(Stored data entries)

++++++

Lemma extendable_by_scal z c t : S z -> extendable_by z c -> 0 < t ->
  extendable_by (vs_scal t z) (t * c).
Proof.
  intros Sz Hc Ht e Ee. pose proof HE as [_ [_ Es]].
  set (e' := vs_scal (/ t) e).
  assert (He : e = vs_scal t e') by (unfold e'; rewrite vs_scal_assoc, Rinv_r, vs_scal_1 by lra; reflexivity).
  rewrite He, <- vs_scal_distr_v, (proj2 Hg) by (apply Es, Ee).
  eapply Rle_trans; [|apply (sublinear_on_scal_ge S); auto; apply (proj1 (proj2 HS)); auto].
  rewrite <- Rmult_plus_distr_l. apply Rmult_le_compat_l; [lra|]. apply Hc, Es, Ee.
  apply HES, Es, Ee.
Qed.

Lemma extendable_by_exists y : S y -> exists c, extendable_by y c /\ extendable_by (vs_opp y) (- c).
Proof.
  intros Sy. pose proof HS as [_ [Sa Ss]]. pose proof HE as [E0 [Ea _]].
  assert (Sny : S (vs_opp y)) by (rewrite <- vs_scal_m1; auto).
  (* g e + g e' = g (e + e') <= p ((e - y) + (e' + y)) <= p (e - y) + p (e' + y) *)
  assert (key : forall e e', E e -> E e' -> g e - p (vs_add e (vs_opp y)) <= p (vs_add e' y) - g e').
  { intros e e' He He'.
    assert (H : g (vs_add e e') <= p (vs_add (vs_add e (vs_opp y)) (vs_add e' y))).
    { rewrite vs_add_ACA, vs_add_opp_l, vs_add_0_r. auto. }
    rewrite (proj1 Hg) in H by auto.
    pose proof (proj1 Hp (vs_add e (vs_opp y)) (vs_add e' y) ltac:(auto) ltac:(auto)). lra. }
  set (A := fun r => exists e, E e /\ r = g e - p (vs_add e (vs_opp y))).
  assert (HA : exists r, A r) by (exists (g vs_zero - p (vs_add vs_zero (vs_opp y))), vs_zero; auto).
  assert (Hb : bound A).
  { exists (p (vs_add vs_zero y) - g vs_zero). intros r [e [He ->]]. auto. }
  exists (sup_of A). split; intros e He.
  - enough (sup_of A <= p (vs_add e y) - g e) by lra.
    apply sup_of_least; auto. intros r [e' [He' ->]]. auto.
  - enough (g e - p (vs_add e (vs_opp y)) <= sup_of A) by lra.
    apply sup_of_ub; auto. exists e. auto.
Qed.

Variable y : X.

Definition span_add (x : X) : Prop := exists e t, E e /\ x = vs_add e (vs_scal t y).

Definition extend_fun (c : R) (x : X) : R :=
  match excluded_middle_informative (span_add x) with
  | left h => let (e, h2) := constructive_indefinite_description _ h in
              let (t, _) := constructive_indefinite_description _ h2 in g e + t * c
  | right _ => 0
  end.

Lemma span_add_unique e1 e2 t1 t2 : ~ E y -> E e1 -> E e2 ->
  vs_add e1 (vs_scal t1 y) = vs_add e2 (vs_scal t2 y) -> t1 = t2 /\ e1 = e2.
Proof.
  intros Hy H1 H2 H. pose proof HE as [_ [Ea Es]].
  assert (K : vs_scal (t1 - t2) y = vs_add (vs_opp e1) e2).
  { apply (vs_add_cancel_l X e1). rewrite vs_add_assoc, vs_add_opp, vs_add_0.
    unfold Rminus. rewrite vs_scal_distr_s, vs_add_assoc, H, <- vs_add_assoc, <- vs_scal_distr_s.
    rewrite Rplus_opp_r, vs_scal_0_l. apply vs_add_0_r. }
  destruct (Req_dec t1 t2) as [Ht|Ht].
  - subst t2. split; auto. rewrite !(vs_add_comm X _ (vs_scal t1 y)) in H.
    exact (vs_add_cancel_l X _ _ _ H).
  - exfalso. apply Hy.
    replace y with (vs_scal (/ (t1 - t2)) (vs_scal (t1 - t2) y))
      by (rewrite vs_scal_assoc, Rinv_l, vs_scal_1 by lra; reflexivity).
    rewrite K. apply Es, Ea; auto. rewrite <- vs_scal_m1. auto.
Qed.

Lemma extend_fun_span c e t : ~ E y -> E e -> extend_fun c (vs_add e (vs_scal t y)) = g e + t * c.
Proof.
  intros Hy He. unfold extend_fun. destruct excluded_middle_informative as [h|h].
  - destruct (constructive_indefinite_description _ h) as [e' h2].
    destruct (constructive_indefinite_description _ h2) as [t' [He' Heq]].
    destruct (span_add_unique e e' t t' Hy He He' Heq) as [-> ->]. reflexivity.
  - exfalso. apply h. exists e, t. auto.
Qed.

Lemma span_add_subspace : is_subspace span_add.
Proof.
  pose proof HE as [E0 [Ea Es]]. split; [|split].
  - exists vs_zero, 0. rewrite vs_scal_0_l, vs_add_0_r. auto.
  - intros x1 x2 [e1 [t1 [H1 ->]]] [e2 [t2 [H2 ->]]]. exists (vs_add e1 e2), (t1 + t2).
    rewrite vs_add_ACA, vs_scal_distr_s. auto.
  - intros a x [e [t [H ->]]]. exists (vs_scal a e), (a * t).
    rewrite vs_scal_distr_v, vs_scal_assoc. auto.
Qed.

Lemma extend_fun_linear c : ~ E y -> linear_on span_add (extend_fun c).
Proof.
  intros Hy. pose proof HE as [E0 [Ea Es]]. split.
  - intros x1 x2 [e1 [t1 [H1 ->]]] [e2 [t2 [H2 ->]]].
    rewrite vs_add_ACA, <- vs_scal_distr_s, !extend_fun_span, (proj1 Hg) by auto. ring.
  - intros a x [e [t [H ->]]].
    rewrite vs_scal_distr_v, vs_scal_assoc, !extend_fun_span, (proj2 Hg) by auto. ring.
Qed.

Lemma extend_fun_dominated c : S y -> ~ E y -> extendable_by y c -> extendable_by (vs_opp y) (- c) ->
  forall x, span_add x -> extend_fun c x <= p x.
Proof.
  intros Sy Hy Hc Hc' x [e [t [He ->]]]. rewrite extend_fun_span by auto.
  destruct (Rtotal_order t 0) as [Hlt|[->|Hgt]].
  - assert (Sny : S (vs_opp y)) by (rewrite <- vs_scal_m1; apply HS, Sy).
    pose proof (extendable_by_scal _ _ (- t) Sny Hc' ltac:(lra) e He) as K.
    rewrite vs_scal_opp, Ropp_involutive in K. lra.
  - rewrite vs_scal_0_l, vs_add_0_r, Rmult_0_l, Rplus_0_r. auto.
  - exact (extendable_by_scal _ _ t Sy Hc Hgt e He).
Qed.

Lemma extend_by_one c : S y -> ~ E y -> extendable_by y c -> extendable_by (vs_opp y) (- c) ->
  exists (E' : X -> Prop) (g' : X -> R), is_subspace E' /\ (forall x, E' x -> S x) /\
    (forall x, E x -> E' x) /\ (forall x, E x -> g' x = g x) /\ linear_on E' g' /\
    (forall x, E' x -> g' x <= p x) /\ E' y /\ g' y = c.
Proof.
  intros Sy Hy Hc Hc'. pose proof HS as [_ [Sa Ss]].
  assert (Hspan : forall x, E x -> x = vs_add x (vs_scal 0 y))
    by (intros; rewrite vs_scal_0_l, vs_add_0_r; reflexivity).
  assert (Hy1 : y = vs_add vs_zero (vs_scal 1 y)) by (rewrite vs_scal_1, vs_add_0; reflexivity).
  exists span_add, (extend_fun c).
  split; [apply span_add_subspace|]. split; [intros x [e [t [He ->]]]; auto|].
  split; [intros x Hx; exists x, 0; auto|].
  split; [intros x Hx; rewrite (Hspan x Hx) at 1; rewrite extend_fun_span by auto; ring|].
  split; [apply extend_fun_linear, Hy|]. split; [apply extend_fun_dominated; auto|].
  split; [exists vs_zero, 1; split; [apply HE | exact Hy1]|].
  pose proof (extend_fun_span c vs_zero 1 Hy (proj1 HE)) as Hval.
  rewrite <- Hy1, (linear_on_zero E g HE Hg) in Hval. rewrite Hval. ring.
Qed.

End OneDimensionalExtension.

Lemma zorn_preorder (T : Type) (t0 : T) (P : T -> T -> Prop) :
  (forall t, P t t) -> (forall r s t, P r s -> P s t -> P r t) ->
  (forall A : T -> Prop, (forall s t, A s -> A t -> P s t \/ P t s) ->
     exists t, forall s, A s -> P s t) ->
  exists t, forall s, P t s -> P s t.
Proof.
  intros Hrefl Htrans Hchain.
  assert (HP : forall a b, boolp.asbool (P a b) = true <-> P a b)
    by (intros a b; split; [apply (ssrbool.elimT (boolp.asboolP _)) | apply (ssrbool.introT (boolp.asboolP _))]).
  destruct (@classical_sets.ZL_preorder T t0 (fun a b => boolp.asbool (P a b))) as [t Ht].
  - intro t. apply HP. auto.
  - intros r s t H1 H2. apply HP. apply HP in H1, H2. eauto.
  - intros A HA. destruct (Hchain A) as [t Hts].
    + intros s t Hs Htt. destruct (HA s t Hs Htt) as [H|H]; apply HP in H; auto.
    + exists t. intros s Hs. apply HP. auto.
  - exists t. intros s Hs. apply HP, Ht, HP, Hs.
Qed.

Section HahnBanach.
Variables (X : VecSpace) (S D : X -> Prop) (p l : X -> R).
Hypotheses (HS : is_subspace S) (Hp : sublinear_on S p) (HD : is_subspace D)
  (HDS : forall x, D x -> S x) (Hl : linear_on D l) (Hlp : forall x, D x -> l x <= p x).

Record extension := {
  ext_dom : X -> Prop;
  ext_fun : X -> R;
  ext_subspace : is_subspace ext_dom;
  ext_dom_S : forall x, ext_dom x -> S x;
  ext_dom_D : forall x, D x -> ext_dom x;
  ext_linear : linear_on ext_dom ext_fun;
  ext_dominated : forall x, ext_dom x -> ext_fun x <= p x;
  ext_fun_D : forall x, D x -> ext_fun x = l x
}.

Definition ext_le (a b : extension) : Prop :=
  (forall x, ext_dom a x -> ext_dom b x) /\ (forall x, ext_dom a x -> ext_fun a x = ext_fun b x).

Definition chain_fun (A : extension -> Prop) (x : X) : R :=
  match excluded_middle_informative (exists s, A s /\ ext_dom s x) with
  | left h => ext_fun (proj1_sig (constructive_indefinite_description _ h)) x
  | right _ => 0
  end.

++++++

• [INSTRUCTIONS FOR THE TASK]: Transcribe the records above exactly, beginning at the line that contains "exists t, forall s, A s -> P s t) ->" and ending with the line that contains "Hs. apply HP. auto.", both included, and nothing else.

• [YOUR SOLUTION]:
     exists t, forall s, A s -> P s t) ->
  exists t, forall s, P t s -> P s t.
Proof.
  intros Hrefl Htrans Hchain.
  assert (HP : forall a b, boolp.asbool (P a b) = true <-> P a b)
    by (intros a b; split; [apply (ssrbool.elimT (boolp.asboolP _)) | apply (ssrbool.introT (boolp.asboolP _))]).
  destruct (@classical_sets.ZL_preorder T t0 (fun a b => boolp.asbool (P a b))) as [t Ht].
  - intro t. apply HP. auto.
  - intros r s t H1 H2. apply HP. apply HP in H1, H2. eauto.
  - intros A HA. destruct (Hchain A) as [t Hts].
    + intros s t Hs Htt. destruct (HA s t Hs Htt) as [H|H]; apply HP in H; auto.
    + exists t. intros s Hs. apply HP. auto.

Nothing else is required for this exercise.